= WHAT IS EXPECTED =
The entries below contain a stretch that opens with the line containing "Lemma prod_sim_of_sym_sim n" and closes with the line containing "intros Hprod [t"; set down that stretch exactly, both ends included, and nothing else.

= SOURCE INFORMATION =
Lemma flatten_fresh_ok e : forall X k, fresh_ok (flatten X e k) k.
Proof.
  induction e as [s | es Hes | es Hes | e IH | e IH] using expr_nested_ind; intros X k.
  - apply (fresh_ok_app_siteless [] _ k k); [split; [lia | split]|].
    + apply sites_between_nil.
    + apply unique_sites_nil.
    + intros m Y eta j (_ & _ & Hn & _)%call_site_single.
      destruct j as [|[]]; try discriminate.
      apply (liftS_not_fresh s m). now injection Hn.
  - rewrite flatten_ECat.
    pose proof (flatten_cat_items_ok es Hes k) as Hcat.
    destruct (flatten_cat_items es k) as [[al ps] k'].
    destruct Hcat as ((Hk' & Hb & Hu) & Hal).
    split; [exact Hk' | split].
    + apply sites_between_app; [exact Hb|].
      intros m Y eta j (_ & _ & Hn & _)%call_site_single. exact (proj1 (Hal _ _ Hn)).
    + apply unique_sites_app; [exact Hu | |].
      * intros m Y1 eta1 j1 Y2 eta2 j2
          (-> & -> & Hn1 & _)%call_site_single (-> & -> & Hn2 & _)%call_site_single.
        repeat split. symmetry. exact (proj2 (proj2 (Hal _ _ Hn1)) _ Hn2).
      * intros m Y1 eta1 j1 Y2 eta2 j2 S1 (_ & _ & Hn2 & _)%call_site_single.
        exact (proj1 (proj2 (Hal _ _ Hn2)) _ _ _ S1).
  - rewrite flatten_EAlt. now apply flatten_alt_items_ok.
  - cbn [flatten]. specialize (IH X k). destruct (flatten X e k) as [ps k'].
    apply fresh_ok_app_siteless; [exact IH|].
    intros m Y eta j (_ & _ & Hn & _)%call_site_single. destruct j; discriminate.
  - cbn [flatten]. specialize (IH (Fresh k) (S k)).
    destruct (flatten (Fresh k) e (S k)) as [ps k']. destruct IH as (Hk' & Hb & Hu).
    assert (Hstar : sites_between (T := T) [(X, [NT (Fresh k); NT X]); (X, [])] k (S k)).
    { intros m Y eta j (-> & _)%star_call_site. lia. }
    split; [lia | split].
    + apply sites_between_app; eapply sites_between_weaken; eauto; lia.
    + eapply unique_sites_app_between; [exact Hb | exact Hstar | lia | exact Hu |].
      intros m Y1 eta1 j1 Y2 eta2 j2
        (-> & -> & -> & ->)%star_call_site (_ & -> & -> & ->)%star_call_site.
      auto.
Qed.

Lemma flatten_rules_sites (rs : list (N * expr T N)) k :
  (forall m X eta j, call_site (flatten_rules rs k) m X eta j -> k <= m) /\
  unique_sites (flatten_rules rs k).
Proof.
  revert k. induction rs as [|[x e] rs IH]; intros k; cbn [flatten_rules].
  - split; [intros m X eta j ([] & _) | apply unique_sites_nil].
  - pose proof (flatten_fresh_ok e (Top x) k) as Hok.
    destruct (flatten (Top x) e k) as [ps k']. destruct Hok as (Hk' & Hb & Hu).
    destruct (IH k') as [Hlo Hrest]. split.
    + intros m X eta j [Hs | Hs]%call_site_app_inv;
        [specialize (Hb _ _ _ _ Hs) | specialize (Hlo _ _ _ _ Hs)]; lia.
    + apply unique_sites_app; [exact Hu | exact Hrest|].
      intros m X1 eta1 j1 X2 eta2 j2 S1 S2.
      specialize (Hb _ _ _ _ S1). specialize (Hlo _ _ _ _ S2). lia.
Qed.

Lemma flatG_unique_sites (rules : list (N * expr T N)) : unique_sites (flatG rules).
Proof. exact (proj2 (flatten_rules_sites rules 0)). Qed.
End FlattenSites.

Scheme SymCall_mutind := Induction for SymCall Sort Prop
  with ProdCall_mutind := Induction for ProdCall Sort Prop.
Combined Scheme SymCall_ProdCall_mutind from SymCall_mutind, ProdCall_mutind.

Section CPS.
Context {T N : Type} (G : list (fprod T N)) (trig : nat -> bool).

Lemma ProdCall_in X eta j tau :
  ProdCall G trig X eta j tau -> In (X, eta) G /\ j <= length eta.
Proof. induction 1; intuition lia. Qed.

Lemma triggered_call_site X Y eta j tau :
  ProdCall G trig X eta (S j) tau -> nth_error eta j = Some (NT Y) ->
  isTrig (T := T) trig (NT Y) = true -> ~ (S j = length eta /\ Y = X) ->
  exists m, Y = Fresh m /\ call_site G m X eta j.
Proof.
  intros HP Hn Ht Hl. destruct Y as [y | m]; [discriminate|].
  exists m. split; [reflexivity|]. split; [exact (proj1 (ProdCall_in _ _ _ _ HP))|].
  split; [exact Hn | exact Hl].
Qed.

Lemma ProdCall_pred X eta j tau :
  ProdCall G trig X eta (S j) tau -> exists tau', ProdCall G trig X eta j tau'.
Proof.
  intros HP. destruct (ProdCall_in _ _ _ _ HP) as [_ Hj].
  destruct (nth_error eta j) as [a|] eqn:Ha; [|apply nth_error_None in Ha; lia].
  destruct (isTrig trig a) eqn:Htrig; [|eexists; eapply pc_nontrig; eassumption].
  destruct a as [t | Y]; [discriminate|].
  (* Equality of nonterminals is not decidable for an arbitrary type [N]. *)
  destruct (classic (S j = length eta /\ Y = X)) as [[Hlen ->] | Hl].
  - eexists; eapply pc_loop; eassumption.
  - eexists; eapply pc_trig; eassumption.
Qed.

Lemma ProdCall_start X eta tau :
  SymCall G trig X tau -> In (X, eta) G -> exists tau0, ProdCall G trig X eta 0 tau0.
Proof.
  intros HS Hin.
  enough (H : forall d, d <= length eta -> exists t, ProdCall G trig X eta (length eta - d) t).
  { destruct (H (length eta) (le_n _)) as [t Ht]. rewrite Nat.sub_diag in Ht. eauto. }
  induction d as [|d IH]; intros Hd.
  - rewrite Nat.sub_0_r. eexists. apply pc_start; eassumption.
  - destruct (IH ltac:(lia)) as [t Ht].
    replace (length eta - d) with (S (length eta - S d)) in Ht by lia.
    exact (ProdCall_pred _ _ _ _ Ht).
Qed.

Lemma TauX_nontrig X eta j a :
  In (X, eta) G -> nth_error eta j = Some a -> isTrig trig a = false -> TauX G trig a [].
Proof.
  intros Hin Ha Htrig. destruct a as [t | Y]; [reflexivity|].
  apply sc_init; [|exact Htrig].
  exists (X, eta). split; [exact Hin|]. right. exact (nth_error_In _ _ Ha).
Qed.

Section Simulation.
Hypothesis HG : unique_sites G.

(* By induction on the first invocation: a triggered CPSSym(Y, .) comes from
   the unique call site of Y, and two invocations of CPSProd at the same dotted
   production read the same symbol, hence were made by the same rule. *)
Lemma cps_args_unique :
  (forall X tau1, SymCall G trig X tau1 ->
     forall tau2, SymCall G trig X tau2 -> tau1 = tau2) /\
  (forall X eta j tau1, ProdCall G trig X eta j tau1 ->
     forall tau2, ProdCall G trig X eta j tau2 -> tau1 = tau2).
Proof.
  apply SymCall_ProdCall_mutind.
  { intros X _ Htrig tau2 H2. inversion H2; subst; congruence. }
  { intros X Y eta j tau HP IH Hn Htrig Hl tau2 H2.
    inversion H2 as [|X' Y' eta' j' tau' HP' Hn' Htrig' Hl']; subst; [congruence|].
    destruct (triggered_call_site _ _ _ _ _ HP Hn Htrig Hl) as (m & -> & S1).
    destruct (triggered_call_site _ _ _ _ _ HP' Hn' Htrig' Hl') as (m' & [= <-] & S2).
    destruct (HG _ _ _ _ _ _ _ S1 S2) as (<- & <- & <-).
    exact (IH _ HP'). }
  all: intros; match goal with H : ProdCall _ _ _ _ _ _ |- _ => inversion H; subst end;
    repeat match goal with
    | E1 : nth_error ?l ?i = Some _, E2 : nth_error ?l ?i = Some _ |- _ =>
        rewrite E1 in E2; injection E2 as E2; subst
    | E : nth_error ?l (length ?l) = Some _ |- _ => apply nth_error_lt in E; lia
    end; try congruence; try tauto.
  all: try f_equal; auto.
Qed.

Lemma SymCall_unique X tau1 tau2 :
  SymCall G trig X tau1 -> SymCall G trig X tau2 -> tau1 = tau2.
Proof. intros H1. exact (proj1 cps_args_unique X tau1 H1 tau2). Qed.

Definition sym_sim n : Prop :=
  forall s tau lam, TauX G trig s tau ->
    derivesn (prods_of G) n [s] (map Term lam) ->
    derivesn (cpsG G trig) n [hat s] (map Term lam ++ tau).

Definition prod_sim n : Prop :=
  forall X eta j tauPi tauX lam,
    ProdCall G trig X eta j tauPi -> SymCall G trig X tauX ->
    derivesn (prods_of G) n (skipn j eta) (map Term lam) ->
    derivesn (cpsG G trig) n tauPi (map Term lam ++ tauX).

Lemma prod_sim_of_sym_sim n :
  (forall m, m <= n -> sym_sim m) ->
  forall X eta j tauPi, ProdCall G trig X eta j tauPi ->
  forall tauX lam m, m <= n -> SymCall G trig X tauX ->
    derivesn (prods_of G) m (skipn j eta) (map Term lam) ->
    derivesn (cpsG G trig) m tauPi (map Term lam ++ tauX).
Proof.
  intros Hsym X eta j tauPi HP.
  induction HP as [X eta tau HS0 Hin | X eta j tau a HP IH Ha Htrig
                  | X eta j tau HP IH Ha Htrig Hlen | X Y eta j tau HP IH Ha Htrig Hl];
    intros tauX lam m Hm HS D.
  - rewrite skipn_all in D. apply derivesn_nil_inv in D as [-> ->].
    rewrite (SymCall_unique _ _ _ HS0 HS). constructor.
  - apply (derivesn_suffix_inv _ _ _ _ _ _ Ha) in D as (m1 & m2 & l1 & l2 & -> & -> & D1 & D2).
    destruct (ProdCall_in _ _ _ _ HP) as [Hin _].
    pose proof (Hsym m1 ltac:(lia) a [] l1 (TauX_nontrig _ _ _ _ Hin Ha Htrig) D1) as C1.
    rewrite app_nil_r in C1. apply (derivesn_app_r _ _ _ _ tau) in C1.
    rewrite map_app, <- app_assoc.
    eapply derivesn_seq; [exact C1 | apply IH; [lia | exact HS | exact D2]].
  - apply (derivesn_suffix_inv _ _ _ _ _ _ Ha) in D as (m1 & m2 & l1 & l2 & -> & -> & D1 & D2).
    rewrite Hlen, skipn_all in D2. apply derivesn_nil_inv in D2 as [-> ->].
    rewrite Nat.add_0_r, app_nil_r. exact (Hsym m1 ltac:(lia) (NT X) tauX l1 HS D1).
  - apply (derivesn_suffix_inv _ _ _ _ _ _ Ha) in D as (m1 & m2 & l1 & l2 & -> & -> & D1 & D2).
    pose proof (Hsym m1 ltac:(lia) (NT Y) tau l1 (sc_call HP Ha Htrig Hl) D1) as C1.
    rewrite map_app, <- app_assoc.
    eapply derivesn_seq; [exact C1 | apply IH; [lia | exact HS | exact D2]].
Qed.

Lemma sym_sim_of_prod_sim n : (forall m, m < n -> prod_sim m) -> sym_sim n.
Proof.
  intros Hprod [t | Y] tau lam HT D; simpl in HT |- *.
  - subst tau. apply (derivesn_terminals _ _ [t]) in D as [-> E].
    destruct lam as [|x []]; try discriminate. injection E as ->. constructor.
  - apply derivesn_NT_inv in D as (n' & beta & -> & Hin & D).
    destruct (ProdCall_start _ _ _ HT Hin) as [tau0 H0].
    apply derivesn_NT with tau0; [exists beta; exact H0|].
    exact (Hprod n' (Nat.lt_succ_diag_r n') _ _ _ _ _ _ H0 HT D).
Qed.

Lemma cps_simulation n : sym_sim n /\ prod_sim n.
Proof.
  induction n as [n IH] using lt_wf_ind.
  assert (Hsym : sym_sim n) by (apply sym_sim_of_prod_sim; intros m Hm; apply IH, Hm).
  split; [exact Hsym|].
  intros X eta j tauPi tauX lam HP HS D.
  refine (prod_sim_of_sym_sim n _ _ _ _ _ HP _ _ _ (le_n n) HS D).
  intros m Hm. destruct (Nat.eq_dec m n) as [-> | Hne]; [exact Hsym|].
  apply IH. lia.
Qed.
End Simulation.
End CPS.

= OUTPUT FOR THIS EXERCISE =
Lemma prod_sim_of_sym_sim n :
  (forall m, m <= n -> sym_sim m) ->
  forall X eta j tauPi, ProdCall G trig X eta j tauPi ->
  forall tauX lam m, m <= n -> SymCall G trig X tauX ->
    derivesn (prods_of G) m (skipn j eta) (map Term lam) ->
    derivesn (cpsG G trig) m tauPi (map Term lam ++ tauX).
Proof.
  intros Hsym X eta j tauPi HP.
  induction HP as [X eta tau HS0 Hin | X eta j tau a HP IH Ha Htrig
                  | X eta j tau HP IH Ha Htrig Hlen | X Y eta j tau HP IH Ha Htrig Hl];
    intros tauX lam m Hm HS D.
  - rewrite skipn_all in D. apply derivesn_nil_inv in D as [-> ->].
    rewrite (SymCall_unique _ _ _ HS0 HS). constructor.
  - apply (derivesn_suffix_inv _ _ _ _ _ _ Ha) in D as (m1 & m2 & l1 & l2 & -> & -> & D1 & D2).
    destruct (ProdCall_in _ _ _ _ HP) as [Hin _].
    pose proof (Hsym m1 ltac:(lia) a [] l1 (TauX_nontrig _ _ _ _ Hin Ha Htrig) D1) as C1.
    rewrite app_nil_r in C1. apply (derivesn_app_r _ _ _ _ tau) in C1.
    rewrite map_app, <- app_assoc.
    eapply derivesn_seq; [exact C1 | apply IH; [lia | exact HS | exact D2]].
  - apply (derivesn_suffix_inv _ _ _ _ _ _ Ha) in D as (m1 & m2 & l1 & l2 & -> & -> & D1 & D2).
    rewrite Hlen, skipn_all in D2. apply derivesn_nil_inv in D2 as [-> ->].
    rewrite Nat.add_0_r, app_nil_r. exact (Hsym m1 ltac:(lia) (NT X) tauX l1 HS D1).
  - apply (derivesn_suffix_inv _ _ _ _ _ _ Ha) in D as (m1 & m2 & l1 & l2 & -> & -> & D1 & D2).
    pose proof (Hsym m1 ltac:(lia) (NT Y) tau l1 (sc_call HP Ha Htrig Hl) D1) as C1.
    rewrite map_app, <- app_assoc.
    eapply derivesn_seq; [exact C1 | apply IH; [lia | exact HS | exact D2]].
Qed.

Lemma sym_sim_of_prod_sim n : (forall m, m < n -> prod_sim m) -> sym_sim n.
Proof.
  intros Hprod [t | Y] tau lam HT D; simpl in HT |- *.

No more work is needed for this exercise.